The Supreme Court has allowed an appeal in a significant case in relation to the service of documents, ruling that a completion notice handed to a third-party receptionist and then e-mailed to the correct recipient was validly served.
The decision has been welcomed as a “vote of confidence” in electronic communications from the country’s highest court.
Roger Cohen, partner at Bryan cave Leighton Paisner, said: “The Supreme Court has seen the future and it works. In deciding that the completion notice had been validly served, because it reached the developer by e-mail, the justices have affirmed modern methods of communication. So this is a vote of confidence in electronic communications as well as a lifeline for a billing authority that otherwise would have suffered a material loss of income.”

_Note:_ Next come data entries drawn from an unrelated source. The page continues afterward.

Lemma marginal_right_cont i j t : 0 <= t -> right_cont (marginal k c p i j) t.
Proof.
  destruct coupled as (_ & _ & _ & _ & _ & p_rc). intros Ht. unfold marginal.
  apply (right_cont_sumR (Mlist k c) (fun m s => if Z.eqb (nth i m 0%Z) j then p m s else 0)).
  intros m _. destruct Z.eqb; [exact (proj1 (p_rc t Ht) m)|apply right_cont_const].
Qed.

Lemma marginal_init i j : (i < k)%nat -> (0 <= j <= Z.of_nat (c i))%Z ->
  marginal k c p i j 0 = if Z.eqb j (Z.of_nat (v i)) then 1 else 0.
Proof.
  destruct data as (_ & Hvc & _). destruct coupled as (_ & p_init & _). intros Hi Hj.
  assert (Hinit : inM k c (init_state k v)).
  { split; [unfold init_state; rewrite length_map, length_seq; reflexivity|].
    intros i' Hi'. rewrite nth_init_state by exact Hi'. specialize (Hvc i' Hi'). lia. }
  unfold marginal.
  rewrite (sumR_single _ _ (init_state k v) (NoDup_Mlist k c) (proj2 (In_Mlist k c _) Hinit)).
  - rewrite p_init by exact Hinit. destruct list_eq_dec as [_|]; [|congruence].
    rewrite nth_init_state, Z.eqb_sym by exact Hi. destruct Z.eqb; lra.
  - intros x Hx Hne. rewrite p_init by (apply In_Mlist; exact Hx).
    destruct list_eq_dec; [congruence|]. destruct Z.eqb; reflexivity.
Qed.

Lemma marginal_deriv_le i j t : (i < k)%nat -> 0 < t -> ~ rho_all k rho t ->
  exists D, derivable_pt_lim (marginal k c p i j) t D /\
    D <= lam_a k lam i t * (marginal k c p i (j - 1) t - marginal k c p i j t)
         + lam_d k lam i t * (marginal k c p i (j + 1) t - marginal k c p i j t).
Proof.
  destruct coupled as (_ & _ & _ & _ & p_deriv & _). intros Hi Ht Hnr.
  set (r := fun j' => marginal k c p i j' t).
  set (flow := fun od m => lam (fst od) (snd od) t * (p (Tinv (fst od) (snd od) m) t - p m t)).
  exists (sumR (Mlist k c) (fun m => if Z.eqb (nth i m 0%Z) j
                                      then sumR (pairs k) (fun od => flow od m) else 0)).
  split.
  - unfold marginal. apply (derivable_pt_lim_sumR (Mlist k c)
      (fun m s => if Z.eqb (nth i m 0%Z) j then p m s else 0)).
    intros m Hm. destruct Z.eqb; [|apply (derivable_pt_lim_const 0 t)].
    replace (sumR (pairs k) (fun od => flow od m)) with
      (sumR (pairs k) (fun od => lam (fst od) (snd od) t * p (Tinv (fst od) (snd od) m) t)
       - p m t * total_rate k lam t).
    + apply (proj1 (p_deriv t Ht Hnr) m). apply In_Mlist. exact Hm.
    + unfold flow, total_rate. rewrite <- sumR_mult_l, <- sumR_minus.
      apply sumR_ext. intros. ring.
  - change (marginal k c p i (j - 1) t) with (r (j - 1)%Z).
    change (marginal k c p i (j + 1) t) with (r (j + 1)%Z).
    change (marginal k c p i j t) with (r j).
    rewrite <- (sumR_pairs_Tinv_shift k lam i r j t Hi).
    rewrite (sumR_ext (Mlist k c) _ (fun m => sumR (pairs k) (fun od =>
               if Z.eqb (nth i m 0%Z) j then flow od m else 0)))
      by (intros m _; destruct Z.eqb; [reflexivity|symmetry; apply sumR_zero]).
    rewrite sumR_swap. apply sumR_le. intros od Hod.
    destruct od as [o d]. pose proof (proj1 (pairs_In k o d) Hod) as (Ho & Hd & _).
    unfold flow, r, marginal. simpl.
    rewrite (sumR_ext (Mlist k c) _ (fun m => lam o d t *
               ((if Z.eqb (nth i m 0%Z) j then p (Tinv o d m) t else 0)
                - (if Z.eqb (nth i m 0%Z) j then p m t else 0))))
      by (intros m _; destruct Z.eqb; ring).
    rewrite sumR_mult_l, sumR_minus.
    apply Rmult_le_compat_l; [apply (lam_ge0 (o, d)); [exact Hod|lra]|].
    pose proof (marginal_Tinv_le i o d j t Ho Hd ltac:(lra)) as Hle. unfold marginal in Hle.
    lra.
Qed.

Lemma marginal_le_decoupled_jump i t : (i < k)%nat -> rho_all k rho t ->
  (forall j s, 0 <= s < t -> marginal k c p i j s <= q i j s) ->
  forall j, (0 <= j <= Z.of_nat (c i))%Z -> marginal k c p i j t <= q i j t.
Proof.
  intros Hi Hr Hbefore j Hj.
  destruct (decoupled i Hi) as (_ & _ & _ & q_arr & q_dep & q_deriv & _).
  pose proof (rho_all_pos t Hr) as Ht.
  destruct Hr as (o & d & Ho & Hd & Hne & Hr).
  assert (Hshift : forall j', left_lim (q i j') t (q i j t) ->
            j' = (j + Tinv_shift i o d)%Z -> marginal k c p i j t <= q i j t).
  { intros j' Hq ->.
    pose proof (left_lim_minus _ _ _ _ _ Hq (marginal_left_lim_jump i o d j t Ho Hd Hne Hr)) as Hgap.
    enough (0 <= q i j t - marginal k c p i j t) by lra.
    apply (left_lim_ge0 _ t _ 0 Hgap); [lra|]. intros s Hs.
    pose proof (marginal_Tinv_le i o d j s Ho Hd ltac:(lra)).
    pose proof (Hbefore (j + Tinv_shift i o d)%Z s Hs). lra. }
  destruct (Nat.eq_dec d i) as [->|Hdi]; [|destruct (Nat.eq_dec o i) as [->|Hoi]].
  - apply (Hshift (j - 1)%Z); [apply (proj1 (q_arr t (ex_intro _ o (conj Ho (conj Hne Hr)))) j Hj)|].
    unfold Tinv_shift. rewrite Nat.eqb_refl. destruct (Nat.eqb_spec i o); [congruence|ring].
  - apply (Hshift (j + 1)%Z);
      [apply (proj1 (q_dep t (ex_intro _ d (conj Hd (conj (not_eq_sym Hne) Hr)))) j Hj)|].
    unfold Tinv_shift. rewrite Nat.eqb_refl. destruct (Nat.eqb_spec i d); [congruence|ring].
  - destruct (rho_other_station i o d t Hi Ho Hd Hne Hr Hoi Hdi) as [Hna Hnd].
    apply (Hshift j); [exact (derivable_pt_lim_left_lim _ _ _ (proj1 (q_deriv t Ht Hna Hnd) j Hj))|].
    unfold Tinv_shift. destruct (Nat.eqb_spec i o); [congruence|].
    destruct (Nat.eqb_spec i d); [congruence|ring].
Qed.
Lemma gradL_X0_usc L xL V e : XO L xL -> 0 < e -> exists2 del, 0 < del &
  forall Y xY, XO Y xY -> fnorm (Y - L) < del ->
  mdot (gradL Y xY) V <= mdot (gradL L xL) V + e.
Proof.
move=> xLmin e0; have [K near] := gradL_X0_near V xLmin.
have K1 : 0 < `|K| + 1 by rewrite ltr_pwDr ?normr_ge0.
pose q := e / (`|K| + 1).
have q0 : 0 < q by rewrite divr_gt0.
exists (Num.min 1 (q ^+ 2)); first by rewrite lt_min ltr01 exprn_gt0.
move=> Y xY xYmin; rewrite lt_min => /andP[h1 hq].
have shq : Num.sqrt (fnorm (Y - L)) < q.
  by rewrite -(gtr0_norm q0) -sqrtr_sqr ltr_sqrt ?exprn_gt0.
have := near Y xY xYmin (ltW h1); have := ler_norm K.
have := sqrtr_ge0 (fnorm (Y - L)); move: shq; rewrite ltr_pdivlMr //.
by move: (Num.sqrt _) => sh; nra.
Qed.

Lemma ell_diff_quot_le Y xY V t : XO Y xY -> 0 < t ->
  (ELL (Y + t *: V) - ELL Y) / t <= mdot (gradL Y xY) V + t / 2 * fnorm (V *m xY.1) ^+ 2.
Proof.
move=> xYmin t0; rewrite ler_pdivrMr // lerBlDl.
apply: le_trans (ell_shift_le (t *: V) xYmin) _.
by rewrite mdotZr -scalemxAl fnormZ gtr0_norm // exprMn; lra.
Qed.

Local Notation f := (fun L' => ELL L').

Lemma gradL_in_clarke L xL : XO L xL -> clarke_subdiff f L (gradL L xL).
Proof.
move=> xLmin V eps delta eps0 delta0.
pose q := fnorm (V *m xL.1) ^+ 2.
have V1 : 0 < fnorm V + 1 by rewrite ltr_pwDr ?fnorm_ge0.
have q1 : 0 < q + 1 by rewrite ltr_pwDr ?sqr_ge0.
pose t := Num.min (delta / 2 / (fnorm V + 1)) (eps / (q + 1)).
have t0 : 0 < t by rewrite lt_min !divr_gt0.
have tdelta : t * (fnorm V + 1) <= delta / 2 by rewrite -ler_pdivlMr // ge_min lexx.
have teps : t * (q + 1) <= eps by rewrite -ler_pdivlMr // ge_min lexx orbT.
have tV0 := mulr_ge0 (ltW t0) (fnorm_ge0 V).
exists (L - t *: V), t; split; last split.
- by rewrite addrAC subrr add0r fnormN fnormZ gtr0_norm //; lra.
- by rewrite t0 /=; lra.
rewrite subrK; have := ell_diff_quot_le (- V) xLmin t0.
rewrite scalerN mdotNr mulNmx fnormN -/q => quot.
have -> : (ELL L - ELL (L - t *: V)) / t = - ((ELL (L - t *: V) - ELL L) / t).
  by rewrite -mulNr opprB.
have := mulr_ge0 (ltW t0) (sqr_ge0 (fnorm (V *m xL.1))); rewrite -/q.
by move: quot teps; move: (_ / t) => u; nra.
Qed.

Lemma clarke_subdiff_X0 L xL xi : XO L xL -> clarke_subdiff f L xi -> xi = gradL L xL.
Proof.
move=> xLmin xi_sub; set V := xi - gradL L xL.
suff VV : mdot V V <= 0.
  by apply/eqP; rewrite -subr_eq0 -/V; apply/eqP/mdotxx_eq0/eqP; rewrite eq_le VV mdotxx_ge0.
rewrite {1}/V mdotBl subr_le0; apply/ler_addgt0Pr => e e0.
have e3 : 0 < e / 3 by rewrite divr_gt0.
have [del del0 usc] := gradL_X0_usc V xLmin e3.
pose q := (fnorm V * rho) ^+ 2.
have q1 : 0 < q + 1 by rewrite ltr_pwDr ?sqr_ge0.
have min0 : 0 < Num.min del (e / 3 / (q + 1)) by rewrite lt_min del0 !divr_gt0.
have [Y [t [+ [/andP[t0 +] quot]]]] := xi_sub V (e / 3) _ e3 min0.
rewrite !lt_min => /andP[Ydel _] /andP[_ tq].
have [xY xYmin] := exists_X0 Y.
have := ell_diff_quot_le V xYmin t0; have := usc Y xY xYmin Ydel.
have := ler_sqr_of (fnorm_ge0 _) (fnorm_mulmx_X0 V xYmin); rewrite -/q => qY.
have := ler_wpM2l (ltW t0) qY; move: tq; rewrite ltr_pdivlMr //.
move: quot; move: (_ / t) (mdot xi V) (mdot (gradL L xL) V) (mdot (gradL Y xY) V) => u a b c.
by move: (fnorm (V *m xY.1) ^+ 2) => qy; nra.
Qed.

Lemma clarke_subdiff_eq L xL : XO L xL -> clarke_subdiff f L = [set gradL L xL].
Proof.
move=> xLmin; apply/seteqP; split => [xi /(clarke_subdiff_X0 xLmin) -> //|_ ->].
exact: gradL_in_clarke.
Qed.

Lemma X0_image_gradL L xL : XO L xL -> [set gradL L x | x in XO L] = [set gradL L xL].
Proof.
move=> xLmin; apply/seteqP; split => [_ [x xmin <-]|_ ->]; last by exists xL.
by rewrite /= (X0_unique xmin xLmin).
Qed.

End Objective.

Lemma conv_hull_set1 (R : realType) m n (a : 'M[R]_(m, n)) : conv_hull [set a] = [set a].
Proof.
apply/seteqP; split => [_ [k [w [P [_ [w1 [Pa ->]]]]]]|_ ->].
  rewrite /= (eq_bigr (fun i => w i *: a)) => [|i _]; last by rewrite Pa.
  by rewrite -scaler_suml w1 scale1r.
exists 1%N, (fun=> 1), (fun=> a); split; first by move=> _; exact: ler01.
by rewrite !big_ord1 scale1r.
Qed.

Lemma compact_fnorm_bounded (R : realType) m n (A : set 'M[R]_(m, n)) :
  compact A -> exists B, forall M, A M -> fnorm M <= B.
Proof.
move=> /compact_bounded[B [_ AB]]; exists ((m * n)%:R * (`|B| + 1)) => M AM.
apply: fnorm_le_entries => [|i j]; first by rewrite addr_ge0.
apply: le_trans (AB (`|B| + 1) _ M AM); last by rewrite (le_lt_trans (ler_norm B)) ?ltrDl.
by rewrite /Num.norm /= mx_normrE (le_bigmax _ (fun ij : _ * _ => `|M ij.1 ij.2|) (i, j)).
Qed.

Theorem proposition3 (R : realType) (p r : nat) (lam1 lam2 : R)
  (G : {set {set 'I_p}}) (hlam1 : 0 < lam1) (hlam2 : 0 < lam2) :
  (* (1) sub-gradient formula, for every d and L *)
  (forall (d : 'cV[R]_p) (L : 'M[R]_(p, r)),
     clarke_subdiff (fun L' => ell lam1 lam2 G d L') L =
     conv_hull [set (L *m rs.1 + rs.2 - d) *m rs.1^T
               | rs in X0 lam1 lam2 G d L]) /\
  (* (2) uniform boundedness of the sub-gradient and uniform Lipschitzness,
     for d in a bounded set and L in a compact set *)
  (forall (M : R) (Lset : set 'M[R]_(p, r)), compact Lset ->
     (exists C : R, forall (d : 'cV[R]_p) (L : 'M[R]_(p, r)) xi,
        fnorm d <= M -> Lset L ->
        clarke_subdiff (fun L' => ell lam1 lam2 G d L') L xi ->
        fnorm xi <= C) /\
     (exists K : R, forall (d : 'cV[R]_p) (L1 L2 : 'M[R]_(p, r)),
        fnorm d <= M -> Lset L1 -> Lset L2 ->
        `|ell lam1 lam2 G d L1 - ell lam1 lam2 G d L2| <= K * fnorm (L1 - L2))).
Proof.
split=> [d L | M Lset Lcompact].
  have [xL xLmin] := exists_X0 hlam1 hlam2 G d L.
  rewrite (clarke_subdiff_eq hlam1 hlam2 xLmin) (X0_image_gradL hlam1 hlam2 xLmin).
  by rewrite conv_hull_set1.
pose rhoM := M / Num.sqrt lam1.
have rho_le d : fnorm d <= M -> fnorm d / Num.sqrt lam1 <= rhoM.
  by move=> dM; rewrite ler_wpM2r ?invr_ge0 ?sqrtr_ge0.
split.
  exists (M * rhoM) => d L xi dM _.
  have [xL xLmin] := exists_X0 hlam1 hlam2 G d L.
  move=> /(clarke_subdiff_X0 hlam1 hlam2 xLmin) ->.
  apply: le_trans (fnorm_gradL_X0 hlam1 hlam2 xLmin) _.
  by apply: ler_pM; rewrite ?fnorm_ge0 ?divr_ge0 ?sqrtr_ge0 ?rho_le.
have [B LB] := compact_fnorm_bounded Lcompact.
exists (M * rhoM + B * rhoM ^+ 2) => d L1 L2 dM L1s L2s.
apply: le_trans (ell_lipschitz hlam1 hlam2 G d (LB L1 L1s) (LB L2 L2s)) _.
have rho0 : 0 <= fnorm d / Num.sqrt lam1 by rewrite divr_ge0 ?fnorm_ge0 ?sqrtr_ge0.
have B0 : 0 <= B := le_trans (fnorm_ge0 L1) (LB L1 L1s).
apply: ler_wpM2r; first exact: fnorm_ge0.
apply: lerD; first by apply: ler_pM; rewrite ?fnorm_ge0 ?rho_le.
by rewrite ler_wpM2l // ler_sqr_of ?rho_le.
Qed.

Giving the court’s unanimous ruling, Lord Carnwath allowed the appeal by Westminster City Council and ruled that service of the completion notice on UKI (Kingsway) Ltd – the owner of floors 3-6 of No 1 Kingsway, London, WC2 – was valid under Schedule 4A of the Local Government Finance Act 1988.
This was despite the fact that the receptionist to whom the notice was given was employed by the building manager, which had no authority to accept service on UKI’s behalf, because the receptionist scanned and emailed a copy of the notice to UKI.

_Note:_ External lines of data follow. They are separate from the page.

(* crash i = Some tc : p_i crashes at time tc (takes no step at times >= tc);
   crash i = None : p_i is correct. *)
Definition alive (crash : 'I_n -> option nat) (i : 'I_n) (k : nat) : bool :=
  if crash i is Some tc then k < tc else true.

Definition correct (crash : 'I_n -> option nat) (i : 'I_n) : Prop := crash i = None.

(* An (infinite, fair) run: c k is the configuration at time k, a k the
   step taken between times k and k+1 (None = no process steps). *)
Record run (c : nat -> Config) (a : nat -> option ('I_n * Action))
    (crash : 'I_n -> option nat) : Prop := {
  run_init : c 0 = init_config;
  run_step : forall k, match a k with
                       | None => c k.+1 = c k
                       | Some (i, act) => alive crash i k /\ exec (c k) i act = Some (c k.+1)
                       end;
  run_msg_fair : forall k p, Stdlib.Lists.List.In p (net (c k)) -> correct crash (pdst p) ->
                   exists k', k <= k' /\ ~ Stdlib.Lists.List.In p (net (c k'));
  run_task_fair : forall k i id, correct crash i ->
                   ~ (forall k', k <= k' -> task_enabled (loc (c k') i) id);
  run_op_fair : forall k i, correct crash i ->
                   ~ (forall k', k <= k' -> op_enabled (loc (c k') i))
}.

End Model.

Arguments ARecv {V}. Arguments AFire {V}. Arguments AInvRead {V}. Arguments AOp {V}. Arguments AInvWrite {V}.
Arguments op {n V}. Arguments loc {n V}. Arguments net {n V}.
Arguments alive {n}. Arguments correct {n}. Arguments run n t {V} v0 w.

(* Call w_sync_i[j] the view of p_i on p_j.  In every run, the WRITE
   messages from p_s to p_d that p_d has not processed yet (in transit, or
   held by a waiting handler of p_d) carry, counted by their bit, exactly the
   parities of the sequence numbers in the window
   (w_sync_d[s], min(w_sync_s[s], w_sync_s[d] + 1)].
   If the view of a correct p_d on p_s stops growing, this window is empty:
   its first message would eventually be received, and its handler would then
   stay enabled forever.  While a write is pending, the writer's sequence
   number W is fixed, and for a correct p_j the views w_sync_w[j], w_sync_j[w]
   and w_sync_j[j] are nondecreasing and bounded by W, hence eventually
   constant; both windows between p_w and p_j being empty then forces
   w_sync_w[j] = W.  So eventually n - t indices satisfy the writer's wait
   condition for good, which fairness forbids while the write is pending. *)

From Stdlib Require Import Classical_Prop.
From mathcomp Require Import all_boot zify.

Set Implicit Arguments.
Unset Strict Implicit.
Unset Printing Implicit Defensive.

Arguments run_init {n t V v0 w c a crash}.
Arguments run_step {n t V v0 w c a crash}.
Arguments run_msg_fair {n t V v0 w c a crash}.
Arguments run_task_fair {n t V v0 w c a crash}.
Arguments run_op_fair {n t V v0 w c a crash}.

Section SeqFacts.
Variable T : Type.
Implicit Types (P a : pred T) (l : seq T).

Lemma In_filter P l y : List.In y l -> P y -> List.In y (filter P l).
Proof.
elim: l => //= z l IH [<-|Hy] Py; first by rewrite Py; left.
by case: (P z); [right|]; apply: IH.
Qed.

Lemma hasP_In P l : reflect (exists2 y, List.In y l & P y) (has P l).
Proof.
elim: l => [|z l IH] /=; first by right; case.
case Pz: (P z); first by left; exists z => //; left.
apply: (iffP IH) => [[y Hy Py]|[y [<-|Hy] Py]]; [by exists y; first right | by rewrite Pz in Py|].
by exists y.
Qed.

Lemma count_filterC P a l : count P l = count P (filter a l) + count P (filter (predC a) l).
Proof. by elim: l => //= z l ->; case: (a z) => /=; lia. Qed.

Variables (U : eqType) (f : T -> U).

Lemma key_filter_single y l p r :
  uniq (map f l) -> [seq q <- l | f q == y] = p :: r -> r = [::].
Proof.
move=> Hu Hf; have : count (pred1 y) (map f l) <= 1 by rewrite count_uniq_mem ?leq_b1.
by rewrite count_map -size_filter Hf; case: r {Hf}.
Qed.

Lemma count_filter_key P y l p r :
  uniq (map f l) -> [seq q <- l | f q == y] = p :: r ->
  count P l = P p + count P [seq q <- l | f q != y].
Proof.
move=> Hu Hf; have Er := key_filter_single Hu Hf; subst r.
by rewrite (count_filterC P (fun q => f q == y)) Hf /= addn0.
Qed.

The case, which has flip-flopped through the appeals system, raised points about the practicalities of serving completion notices and the validity of electronic communications in such circumstances.
A completion notice is served by local authorities on the owners of properties to notify them that they consider the building to be finished and therefore eligible to be charged rates. They can be served up to three months before the property is finished.
Throughout the dispute, UKI (Kingsway) contested the validity of the notice, which specified a completion date of 1 June 2012.
But Westminster, which issued the notice, maintained that it was valid because the receptionist, acting as “agent”, scanned the completion notice and e-mailed it to the owner.
Allowing Westminster’s appeal, Lord Carnwath said that the means of service prescribed by the statute are “not exclusive”, and that the real issue was whether the council caused the notice to be received by UKI.
He said it was “unnecessary and unrealistic” to introduce the concept of agency into this “simple sequence of events”, finding that the receptionist “did no more than would reasonably be expected of a responsible employee”, by passing on the notice to the person to whom it was addressed.
Rejecting UKI’s argument that the receptionist was not under the control of the council, he said “causation does not necessarily depend on control”, offering the example of a notice correctly addressed, but mistakenly delivered to a neighbouring address and then passed on by the occupant to the intended recipient.
He said: “I see no reason why that should not be treated as effective service under ordinary principles of causation, even though the friendly neighbour was not under the control of either party.”
He added that arguments about possible uncertainty are not persuasive, since “some uncertainty in this respect is inherent in the legislation, in which neither the methods of service, nor the dates of service in different circumstances, are exhaustively defined”.
Offering advice for future situations, he said: “The simple answer for the authority may be that, where the date of service is critical, it is able to choose a statutory method which eliminates or minimises the risk of the notice being rendered invalid by failure to specify the correct date of service. If it chooses a non-statutory method it must bear that risk.”
In addition, he confirmed that there was no good reason for distinguishing transmission by fax, long held to be valid, from transmission by email as in this case.
Matthew Forrest, partner at law firm TLT, said that the Supreme Court’s decision will have broader implications beyond the arena of business rates. He said: “It widens the scope of valid service in the case of any statutory notice scheme which does not expressly provide exhaustive details as to how notice should be given.
“Service of a notice will be valid in many more circumstances than if the Supreme Court had decided the other way. Countless other sets of circumstances can be imagined in which service will now be valid. For example, a notice delivered to the wrong building where the helpful neighbour takes the notice next door to the intended recipient.
“As such, the decision will be welcomed by local authorities and others intending to serve statutory notices. However, those parties should certainly not seek to rely on the principles of this case. Although ultimately effective, the method of service attempted by the council in this case was far from ideal.
“Those serving notices would be better advised to consider carefully in advance their chosen method of service to avoid having to rely on ‘indirect’ service, as happened here. In particular, the server may benefit from statutory provisions deeming service to be effective where a particular method is used, irrespective of whether it is ultimately received or not.”